Depuis lors, la glorieuse et passionnante histoire de ce club sportif, grâce à ses équipages et à ses bateaux, est devenue une partie de la vie de Venise. Les rameurs et les bateaux Bucintoro étaient des protagonistes célèbres dans les compétitions d’aviron du monde entier: dès la première victoire internationale en 1884, avec le bateau «Rialto», remportant la Coupe de la Duchesse de Gênes, un drapeau, une médaille d’or et la somme de 1600 Lire, les couleurs de la Bucintoro étaient présentes dans les compétitions majeures : aux Jeux olympiques d’Athènes, où son équipage a remporté trois médailles d’or en quatre barré, à Paris, dans la même spécialité, à Anvers, une médaille d’or en double barré, puis à nouveau à Berlin, Helsinki, Rome, Barcelone. Atlanta, Beijing, participant également à des championnats européens, mondiaux et nationaux, récoltant toujours des résultats similaires.

En 1902, le roi Victor Emmanuel III vint à Venise et devint président d’honneur de la Bucintoro. Le poète italien Gabriele D’Annunzio, qui était souvent invité au prestigieux siège de la Bucintoro, la Palazzina della Selva aux Jardins royaux, a pris part à cet événement extraordinaire. En 1908, D’Annunzio donna au Bucintoro sa devise: «Sans ailes, on ne peut voler», exprimant l’envol futur qu’il envisageait et la tradition du lion ailé de la lagune.
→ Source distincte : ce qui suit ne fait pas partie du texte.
(* Let $n\ge 1$ and $k\ge 3$ be integers. The number of vertices of the $k$-Pell graph $\Pi_{n,k}$ of degree $\Delta(\Pi_{n,k})-1=2n-1$ equals $$n\,(k-2)^{n-1}+\sum_{\ell=1}^{n}(n-\ell+1)\,(k-2)^{n-\ell}.$$
   Context: For an integer $k\ge 2$, a $k$-Pell string is a finite word over the alphabet $\{0,1,\ldots,k-1,kk\}$, i.e. a word over $\{0,1,\ldots,k\}$ in which every maximal run of the letter $k$ has even length. For $n\ge 0$, the $k$-Pell graph $\Pi_{n,k}$ has as vertices all $k$-Pell strings of length $n$, and two vertices are adjacent if one is obtained from the other either by replacing a single letter $i$ by $i+1$ (or vice versa) for some $i\in\{0,1,\ldots,k-2\}$, or by replacing one factor $(k-1)(k-1)$ by $kk$ (or vice versa), in such a way that the resulting string is again a $k$-Pell string. $\Delta(G)$ denotes the maximum degree of $G$. *)

From mathcomp Require Import all_boot.
Set Implicit Arguments. Unset Strict Implicit. Unset Printing Implicit Defensive.

(* A word over {0,...,k} (letters as nats) is a k-Pell string iff it is a word
   over the alphabet {0,1,...,k-1, kk}, i.e. every maximal run of k has even length. *)
Fixpoint is_pell (k : nat) (s : seq nat) : bool :=
  match s with
  | [::] => true
  | x :: s' =>
      if x == k then
        match s' with
        | y :: s'' => (y == k) && is_pell k s''
        | [::] => false
        end
      else is_pell k s'
  end.

Definition word (n k : nat) := n.-tuple 'I_k.+1.

Definition pellw n k (u : word n k) : bool := is_pell k [seq val x | x <- u].

Definition step1 n k (u v : word n k) : bool :=
  [exists i : 'I_n,
     [forall j : 'I_n, (j != i) ==> (tnth u j == tnth v j)] &&
     [&& ((tnth u i).+1 == tnth v i) || ((tnth v i).+1 == tnth u i),
         val (tnth u i) < k & val (tnth v i) < k]].

Definition step2 n k (u v : word n k) : bool :=
  [exists i : 'I_n, exists j : 'I_n,
     [&& val j == (val i).+1,
         [forall l : 'I_n, ((l != i) && (l != j)) ==> (tnth u l == tnth v l)],
         val (tnth u i) == k.-1, val (tnth u j) == k.-1,
         val (tnth v i) == k & val (tnth v j) == k]].

Definition pell_adj n k (u v : word n k) : bool :=
  [&& pellw u, pellw v & [|| step1 u v, step2 u v | step2 v u]].

Definition pell_vertices n k : {set word n k} := [set v | pellw v].

Definition pell_deg n k (v : word n k) : nat := #|[set w | pell_adj v w]|.

Definition pell_maxdeg n k : nat := \max_(v in pell_vertices n k) pell_deg v.

From mathcomp Require Import all_boot zify.
Set Implicit Arguments. Unset Strict Implicit. Unset Printing Implicit Defensive.

(* Count two potential moves per letter of a k-Pell string, a block kk counting as two
   letters.  A letter in {1,...,k-2} realises both, so the degree of a vertex is 2n minus
   its deficiency: one for each letter 0, one for each maximal run of letters k-1 (all
   but its last letter can merge with their successor into kk), three for each block kk.
   Hence Delta = 2n, attained by 11...1 since k >= 3, and the vertices of degree 2n-1 are
   those of deficiency one: a single 0, or a single run of l letters k-1, all other
   letters lying in {1,...,k-2}; there are n(k-2)^(n-1), resp. (n-l+1)(k-2)^(n-l), of
   them.  The count is carried out through linear recurrences on the first letter. *)

Lemma exists_ordS n (P : pred 'I_n.+1) :
  [exists i, P i] = P ord0 || [exists i : 'I_n, P (lift ord0 i)].
Proof.
apply/existsP/orP => [[i Pi]|[P0|/existsP[i Pi]]]; last by exists (lift ord0 i).
- case: (unliftP ord0 i) Pi => [j ->|->] Pi; last by left.
  by right; apply/existsP; exists j.
- by exists ord0.
Qed.

Lemma forall_ordS n (P : pred 'I_n.+1) :
  [forall i, P i] = P ord0 && [forall i : 'I_n, P (lift ord0 i)].
Proof.
apply/forallP/andP => [H|[P0 /forallP H] i]; first by split => //; apply/forallP.
by case: (unliftP ord0 i) => [j ->|->].
Qed.

Lemma val_lift0 n (i : 'I_n) : val (lift (@ord0 n) i) = (val i).+1.
Proof. by []. Qed.

Lemma size_ind (T : Type) (P : seq T -> Prop) :
  (forall s, (forall t, size t < size s -> P t) -> P s) -> forall s, P s.
Proof.
move=> IH s; elim: (size s).+1 {-2}s (ltnSn (size s)) => [|m IHm] t // lt_t.
by apply: IH => u lt_u; apply: IHm; apply: leq_trans lt_u lt_t.
Qed.

Lemma mem_map_cons (T : eqType) (a b : T) t L :
  (b :: t \in [seq a :: s | s <- L]) = (b == a) && (t \in L).
Proof.
by apply/mapP/andP => [[s sL [-> ->]]|[/eqP -> tL]]; [rewrite eqxx | exists t].
Qed.

Lemma mem_map_cons_tail (T : eqType) (s : seq T) b t L :
  (b :: t \in [seq x :: s | x <- L]) = (b \in L) && (t == s).
Proof.
by apply/mapP/andP => [[x xL [-> ->]]|[bL /eqP ->]]; [rewrite eqxx | exists b].
Qed.

Lemma mem_map_cons2 (T : eqType) (a b c : T) t L :
  (b :: c :: t \in [seq a :: a :: s | s <- L]) = [&& b == a, c == a & t \in L].
Proof.
apply/mapP/and3P => [[s sL [-> -> ->]]|[/eqP -> /eqP -> tL]]; last by exists t.
by rewrite !eqxx.
Qed.

Lemma count_addn (T : Type) (f g h : pred T) s :
  (forall x, f x = g x + h x :> nat) -> count f s = count g s + count h s.
Proof. by move=> fgh; elim: s => [|x s IH] //=; rewrite IH fgh; lia. Qed.

Lemma sum_split_ends (F : nat -> nat) k : 1 < k ->
  \sum_(0 <= x < k.+1) F x = F 0 + \sum_(1 <= x < k.-1) F x + F k.-1 + F k.
Proof.
case: k => [|[|k]] // _; rewrite big_ltn // big_nat_recr // big_nat_recr //=.
by rewrite !addnA.
Qed.

Definition weighted_powsum c n := \sum_(1 <= l < n.+1) (n - l + 1) * c ^ (n - l).

Lemma weighted_powsumS c n : weighted_powsum c n.+1 = n.+1 * c ^ n + weighted_powsum c n.
Proof. by rewrite /weighted_powsum big_ltn // big_add1 /= subSS subn0 addn1; congr (_ + _). Qed.

Lemma weighted_powsum_geom c n :
  c * weighted_powsum c n + \sum_(0 <= i < n) c ^ i = n * c ^ n + weighted_powsum c n.
Proof.
elim: n => [|n IH]; first by rewrite /weighted_powsum !big_geq // muln0.
rewrite weighted_powsumS big_nat_recr //; set S := \sum_(0 <= i < n) _ in IH *.
by rewrite /= expnS; nia.
Qed.

(** * Words as letter sequences *)

Section Letters.

Variables n k : nat.

Definition letters (u : word n k) : seq nat := [seq val x | x <- u].

Lemma letters_inj : injective letters.
Proof. by move=> u v /(inj_map val_inj) uv; apply: val_inj. Qed.

Lemma size_letters u : size (letters u) = n.
Proof. by rewrite size_map size_tuple. Qed.

Lemma letters_le u : all (fun x => x <= k) (letters u).
Proof. by apply/allP => y /mapP[z _ ->]; rewrite -ltnS ltn_ord. Qed.

Lemma eq_letters u v : [forall j, tnth u j == tnth v j] = (letters u == letters v).
Proof.
apply/forallP/eqP => [uv|/letters_inj -> //].
by congr letters; apply: eq_from_tnth => j; apply/eqP.
Qed.

End Letters.

Lemma letters_cons n k (x : 'I_k.+1) (u : word n k) :
  letters [tuple of x :: u] = val x :: letters u.
Proof. by []. Qed.

Fixpoint enum_words n k : seq (seq nat) :=
  if n is m.+1 then [seq x :: s | x <- iota 0 k.+1, s <- enum_words m k] else [:: [::]].

Lemma enum_wordsS n k :
  enum_words n.+1 k = [seq x :: s | x <- iota 0 k.+1, s <- enum_words n k].
Proof. by []. Qed.

Lemma uniq_enum_words n k : uniq (enum_words n k).
Proof.
elim: n => [|n IH] //; rewrite enum_wordsS; apply: allpairs_uniq => //; first exact: iota_uniq.
by move=> [x s] [y t] _ _ /= [-> ->].
Qed.

Lemma mem_enum_words n k t :
  (t \in enum_words n k) = (size t == n) && all (fun x => x <= k) t.
Proof.
elim: n t => [|n IH] [|x t] //; rewrite enum_wordsS.
  by apply/allpairsP => -[[y s] [_ _]].
apply/allpairsP/andP => [[[y s] [y_in s_in [-> ->]]]|[/eqP[sz] /andP[le_x le_t]]].
  by move: y_in s_in; rewrite mem_iota IH /= => y_le /andP[/eqP -> ->]; split; lia.
by exists (x, t); rewrite mem_iota IH sz eqxx; split=> //; lia.
Qed.

Lemma count_enum_wordsS n k (P : pred (seq nat)) :
  count P (enum_words n.+1 k) =
  \sum_(0 <= x < k.+1) count (fun s => P (x :: s)) (enum_words n k).
Proof.
rewrite enum_wordsS /index_iota subn0.
elim: (iota 0 k.+1) => [|x xs IH]; first by rewrite big_nil.
by rewrite big_cons /= count_cat IH count_map.
Qed.

Lemma card_letters_in n k (L : seq (seq nat)) : uniq L ->
  (forall t, t \in L -> size t = n /\ all (fun x => x <= k) t) ->
  #|[set v : word n k | letters v \in L]| = size L.
Proof.
elim: L => [|t L IH] /= => [_ _|/andP[t_notin uniq_L] L_ok].
  by apply/eqP; rewrite cards_eq0; apply/eqP/setP => v; rewrite !inE.
have [size_t le_t] := L_ok t (mem_head _ _).
have size_t' : size (map (@inord k) t) == n by rewrite size_map size_t.
set u := Tuple size_t'.
have letters_u : letters u = t.
  rewrite /letters /= -map_comp; apply: map_id_in => y y_in /=; apply: inordK.
  by move/allP: le_t => /(_ y y_in).
rewrite (_ : [set v | letters v \in t :: L] = u |: [set v | letters v \in L]).
  rewrite cardsU1 inE letters_u t_notin IH // => s s_in; apply: L_ok.
  by rewrite in_cons s_in orbT.
by apply/setP => v; rewrite !inE -letters_u (inj_eq (@letters_inj n k)).
Qed.

Lemma card_letters_count n k (P : pred (seq nat)) :
  #|[set v : word n k | P (letters v)]| = count P (enum_words n k).
Proof.
rewrite -size_filter -(@card_letters_in n k); first last.
- by move=> t; rewrite mem_filter mem_enum_words => /andP[_ /andP[/eqP]].
- by rewrite filter_uniq // uniq_enum_words.
congr #|pred_of_set _|; apply/setP => v /=.
by rewrite !inE mem_filter mem_enum_words size_letters letters_le eqxx !andbT.
Qed.

Definition letter_adj k a b := [&& (a.+1 == b) || (b.+1 == a), a < k & b < k].

Fixpoint seq_step1 k (s t : seq nat) : bool :=
  match s, t with
  | a :: s', b :: t' => ((a == b) && seq_step1 k s' t') || (letter_adj k a b && (s' == t'))
  | _, _ => false
  end.

Definition raise_head k (s t : seq nat) : bool :=
  match s, t with
  | a :: s', b :: t' => [&& a == k.-1, b == k & s' == t']
  | _, _ => false
  end.

Fixpoint seq_step2 k (s t : seq nat) : bool :=
  match s, t with
  | a :: s', b :: t' =>
      ((a == b) && seq_step2 k s' t') || [&& a == k.-1, b == k & raise_head k s' t']
  | _, _ => false
  end.

Lemma step1E n k (u v : word n k) : step1 u v = seq_step1 k (letters u) (letters v).
Proof.
elim: n u v => [|n IH] u v.
  by rewrite (tuple0 u) (tuple0 v) /=; apply/negbTE/existsP => -[[]].
case: u / tupleP => a u; case: v / tupleP => b v.
rewrite !letters_cons /= -IH /step1 exists_ordS forall_ordS /= !tnth0.
rewrite (_ : [forall i, _] = (letters u == letters v)); last first.
  by rewrite -eq_letters; apply: eq_forallb => j; rewrite !tnthS.
rewrite orbC; congr orb; last by rewrite /letter_adj andbC.
under eq_existsb => i do rewrite forall_ordS /= !tnth0 !tnthS.
apply/existsP/andP => [[i /and4P[/andP[ab off] ai bi ki]]|[ab /existsP[i /and4P[off ai bi ki]]]].
  split=> //; apply/existsP; exists i; rewrite ai bi ki !andbT.
  apply/forallP => j; apply/implyP => ji; move/forallP: off => /(_ j).
  by rewrite (inj_eq lift_inj) ji !tnthS.
exists i; rewrite ai bi ki !andbT; apply/andP; split=> //.
apply/forallP => j; rewrite (inj_eq lift_inj) !tnthS; apply: (forallP off j).
Qed.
Peu à peu la ville a changé, la Bucintoro a changé, les espaces ont diminué et les sillages des bateaux à moteur ont augmenté, mais l’esprit est resté intact. Même aujourd’hui, nous retrouvons la même ténacité que par le passé, lorsque les équipages de Bucintoro étaient les rameurs à battre, et dire «c’est un de la Bucintoro», comme le rappelle l’écrivain Nantas Salvalaggio, équivalait à dire «c’est un des meilleurs».
Et «… la véhémence poétique d’un nom, la fierté de sa tradition, l’application de la force et de l’intelligence» trouvent un contrepoint parfait dans la société de rame Bucintoro.
Elle porte les signes indélébiles des grands événements sportifs du passé et elle promeut le présent en un flambeau d’histoire, de traditions et de modernité alliés à de nombreuses activités sociales et culturelles, son regard tourné vers la ville dont elle fait partie intégrante et irremplaçable.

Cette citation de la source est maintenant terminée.